AVAILABLE DATA: Begin

Arguments concave_supergradient_mid {R g x0 x1}.
Arguments concave_eq0_mid {R g x0 x1}.

Section Holder.
Context {R : realType}.
Variables p q : R.
Hypotheses (p_gt0 : 0 < p) (q_gt0 : 0 < q) (pq : p^-1 + q^-1 = 1).

Lemma young_scaled (x y A B : R) : 0 <= x -> 0 <= y -> 0 < A -> 0 < B ->
  x * y <= A `^ p^-1 * B `^ q^-1 * (x `^ p / (p * A) + y `^ q / (q * B)).
Proof.
move=> x0 y0 A0 B0.
set a := A `^ p^-1; set b := B `^ q^-1.
have a0 : 0 < a by rewrite powR_gt0.
have b0 : 0 < b by rewrite powR_gt0.
have aE : a `^ p = A by rewrite /a -powRrM mulVf ?powRr1 ?ltW ?lt0r_neq0.
have bE : b `^ q = B by rewrite /b -powRrM mulVf ?powRr1 ?ltW ?lt0r_neq0.
have inv_powR (c r : R) : 0 < c -> (c^-1) `^ r = (c `^ r)^-1.
  by move=> c0; rewrite -(powR_inv1 (ltW c0)) -powRrM mulN1r powRN.
have young := conjugate_powR (divr_ge0 x0 (ltW a0)) (divr_ge0 y0 (ltW b0))
  p_gt0 q_gt0 pq.
rewrite !powRM ?invr_ge0 ?(ltW a0) ?(ltW b0) // !inv_powR // aE bE in young.
have -> : x * y = a * b * (x / a * (y / b)) by field; rewrite !lt0r_neq0.
rewrite ler_pM2l ?mulr_gt0//; apply: le_trans young _.
by rewrite !invfM; lra.
Qed.

Lemma holder_increment (x0 x1 : R) (U P Q k d P' Q' : R -> R) : x0 <= x1 ->
  {within `[x0, x1], continuous U} ->
  {within `[x0, x1], continuous P} ->
  {within `[x0, x1], continuous Q} ->
  {in `]x0, x1[, forall y : R, is_derive y 1 U (k y * d y)} ->
  {in `]x0, x1[, forall y : R, is_derive y 1 P (P' y)} ->
  {in `]x0, x1[, forall y : R, is_derive y 1 Q (Q' y)} ->
  {in `]x0, x1[, forall y, `|k y| `^ p <= P' y} ->
  {in `]x0, x1[, forall y, `|d y| `^ q <= Q' y} ->
  0 < P x1 - P x0 -> 0 < Q x1 - Q x0 ->
  `|U x1 - U x0| <= (P x1 - P x0) `^ p^-1 * (Q x1 - Q x0) `^ q^-1.
Proof.
move=> x01 cU cP cQ dU dP dQ kP dQ' A_gt0 B_gt0.
set A := P x1 - P x0; set B := Q x1 - Q x0; set c := A `^ p^-1 * B `^ q^-1.
(* By Young's inequality, V' dominates |U'| = |k| |d|. *)
pose V y := c * (P y / (p * A) + Q y / (q * B)).
have -> : c = V x1 - V x0.
  rewrite /V -mulrBr -{1}[c]mulr1 -pq; congr (_ * _).
  by rewrite /A /B; field; rewrite !lt0r_neq0.
apply: (@ler_norm_increment _ x0 x1 U V (fun y => k y * d y)
  (fun y => c * (P' y / (p * A) + Q' y / (q * B)))) => //.
- apply/subspace_continuousP => y yi; apply: cvgM; first exact: cvg_cst.
  apply: cvgD; apply: cvgM; try exact: cvg_cst.
  + by move/subspace_continuousP : cP; exact.
  + by move/subspace_continuousP : cQ; exact.
- move=> y yi; rewrite /V.
  have V_der := is_deriveM (is_derive_cst c y 1) (is_deriveD
    (is_deriveM (dP _ yi) (is_derive_cst (p * A)^-1 y 1))
    (is_deriveM (dQ _ yi) (is_derive_cst (q * B)^-1 y 1))).
  apply: is_derive_eq V_der _.
  by rewrite !scaler0 !add0r addr0 /cst /GRing.scale /=; ring.
- move=> y yi; rewrite normrM.
  apply: le_trans
    (young_scaled _ _ _ _ (normr_ge0 _) (normr_ge0 _) A_gt0 B_gt0) _.
  rewrite ler_pM2l ?mulr_gt0 ?powR_gt0// lerD// ler_pM2r ?invr_gt0 ?mulr_gt0//.
  + exact: kP.
  + exact: dQ'.
Qed.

AVAILABLE DATA: End

WHAT YOU NEED TO DO: Your answer should be the lines above that contain the word "powRrM", copied out.

COMPLETED TASK:
have aE : a `^ p = A by rewrite /a -powRrM mulVf ?powRr1 ?ltW ?lt0r_neq0.
have bE : b `^ q = B by rewrite /b -powRrM mulVf ?powRr1 ?ltW ?lt0r_neq0.
  by move=> c0; rewrite -(powR_inv1 (ltW c0)) -powRrM mulN1r powRN.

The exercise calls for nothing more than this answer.